European exchange traded fund (ETF) bosses held a crisis meeting this morning but failed to reach an agreement on what the goals of a new Europe-wide trade body should be.

Today’s conference call was led by Lyxor Asset Management and Deutsche Bank who are trying to establish a trade body after weeks of headlines about the 'little-understood' risks posed by some products available to retail investors.

Both Lyxor, Deutsche Bank, Credit Suisse and Amundi offer ‘swap based’ products with an additional counterparty risk to investors, but not all of those banks on the call have these type of products, which led to some fierce discussion.

HSBC and State Street does not have any swap-based products while iShares only has a limited number and these organisations are questioning what value a dedicated trade body would have to them.
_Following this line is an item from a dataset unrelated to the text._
(* Let $\mathcal{A}=(Q,\delta,I,F)$ be a complete Büchi automaton with $n=|Q|$, let $\mathcal{B}_S$ be the automaton produced from $\mathcal{A}$ by Schewe's rank-based complementation construction (described in the context), and let $\mathcal{B}_S^{\mathit{de}}$ be the automaton obtained from the same construction in which every occurrence of $Q_2$ is replaced by $$Q_2^{\mathit{de}} = Q_2\setminus\{(S,O,f,i)\in Q_2 \mid \exists p,q\in S:\ p\preceq_{\mathit{de}} q \wedge f(p)>\lceil f(q)\rceil\},$$ where $\lceil x\rceil$ denotes the smallest even number $\ge x$. Then $\mathcal{L}(\mathcal{B}_S^{\mathit{de}})=\mathcal{L}(\mathcal{B}_S)$.
   Context: Fix a finite nonempty alphabet $\Sigma$. A Büchi automaton (BA) is $\mathcal{A}=(Q,\delta,I,F)$ with finite state set $Q$, transition function $\delta:Q\times\Sigma\to 2^Q$, initial states $I$ and accepting states $F$; it is complete if $\delta(q,a)\neq\emptyset$ for all $q,a$. We write $\delta(P,a)=\bigcup_{p\in P}\delta(p,a)$. A run from $q$ on an infinite word $\alpha=\alpha_0\alpha_1\cdots$ is a sequence $\rho_0\rho_1\cdots$ with $\rho_0=q$ and $\rho_{i+1}\in\delta(\rho_i,\alpha_i)$; it is accepting if some state of $F$ occurs infinitely often. $\mathcal{L}(\mathcal{A})$ is the set of infinite words having an accepting run from some initial state. Delayed simulation: in the simulation game from $(p_0,r_0)$, in round $i$ Spoiler picks a transition $p_i\xrightarrow{\alpha_i}p_{i+1}$ and Duplicator answers with $r_i\xrightarrow{\alpha_i}r_{i+1}$ on the same symbol; a Duplicator strategy is a map $\sigma$ with $\sigma(r,p\xrightarrow{a}p')\in\delta(r,a)$ (no lookahead). Duplicator wins the delayed game if for all $i$, $p_i\in F$ implies $r_k\in F$ for some $k\ge i$. The (maximal) delayed simulation $\preceq_{\mathit{de}}$ is given by $p\preceq_{\mathit{de}}r$ iff Duplicator has a winning strategy from $(p,r)$. Schewe's construction. A ranking is $f:Q\to\{0,1,\dots,2n\}$ with $f(q)$ even for $q\in F$; $\mathrm{rank}(f)=\max_q f(q)$. For $S\subseteq Q$, $f$ is $S$-tight if (i) $\mathrm{rank}(f)=r$ is odd, (ii) $\{f(s)\mid s\in S\}\supseteq\{1,3,\dots,r\}$, (iii) $\{f(q)\mid q\notin S\}=\{0\}$; $\mathcal{T}$ is the set of $Q$-tight rankings. $\mathcal{B}_S=(Q',\delta',I',F')$: $Q'=Q_1\cup Q_2$, $Q_1=2^Q$, $Q_2=\{(S,O,f,i)\in 2^Q\times2^Q\times\mathcal{T}\times\{0,2,\dots,2n-2\}\mid f \text{ is } S\text{-tight},\ O\subseteq S\cap f^{-1}(i)\}$; $I'=\{I\}$; $\delta'=\delta_1\cup\delta_2\cup\delta_3$ with $\delta_1(S,a)=\{\delta(S,a)\}$; $\delta_2(S,a)=\{(S',\emptyset,f,0)\in Q_2\mid S'=\delta(S,a), f \text{ is } S'\text{-tight}\}$; and $(S',O',f',i')\in\delta_3((S,O,f,i),a)$ iff $(S',O',f',i')\in Q_2$, $S'=\delta(S,a)$, $f'(q')\le f(q)$ for all $q\in S$, $q'\in\delta(q,a)$, $\mathrm{rank}(f)=\mathrm{rank}(f')$, $f'$ is $S'$-tight, and either ($O=\emptyset$, $i'=(i+2)\bmod(\mathrm{rank}(f')+1)$, $O'=f'^{-1}(i')$) or ($O\ne\emptyset$, $i'=i$, $O'=\delta(O,a)\cap f'^{-1}(i)$); $F'=\{\emptyset\}\cup\{(S,\emptyset,f,i)\in Q_2\}$. *)

From mathcomp Require Import all_boot.
Set Implicit Arguments. Unset Strict Implicit. Unset Printing Implicit Defensive.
As a result it has also been proposed that the parent organisations of these businesses (such as BlackRock) move to ensure their ETF bosses have a greater presence on existing mutual fund trade bodies throughout UK and Europe.

The concern of not doing so from some on the call was that any new body would create a ‘them and us’ organisation, which would, in effect, alienate existing trade bodies still further.

What Investment.co.uk understands that representatives from Invesco Powershares and ETF Securities were not invited to today’s call.

Industry bigwigs on the call included Lyxor chairman Alan Dubois, Feargal Dempsey, head of product strategy at iShares (EMEA region) and Ted Hood, chief executive officer of Source.

Representatives were also invited from State Street Asset Management, Vanguard, Credit Suisse and Amundi.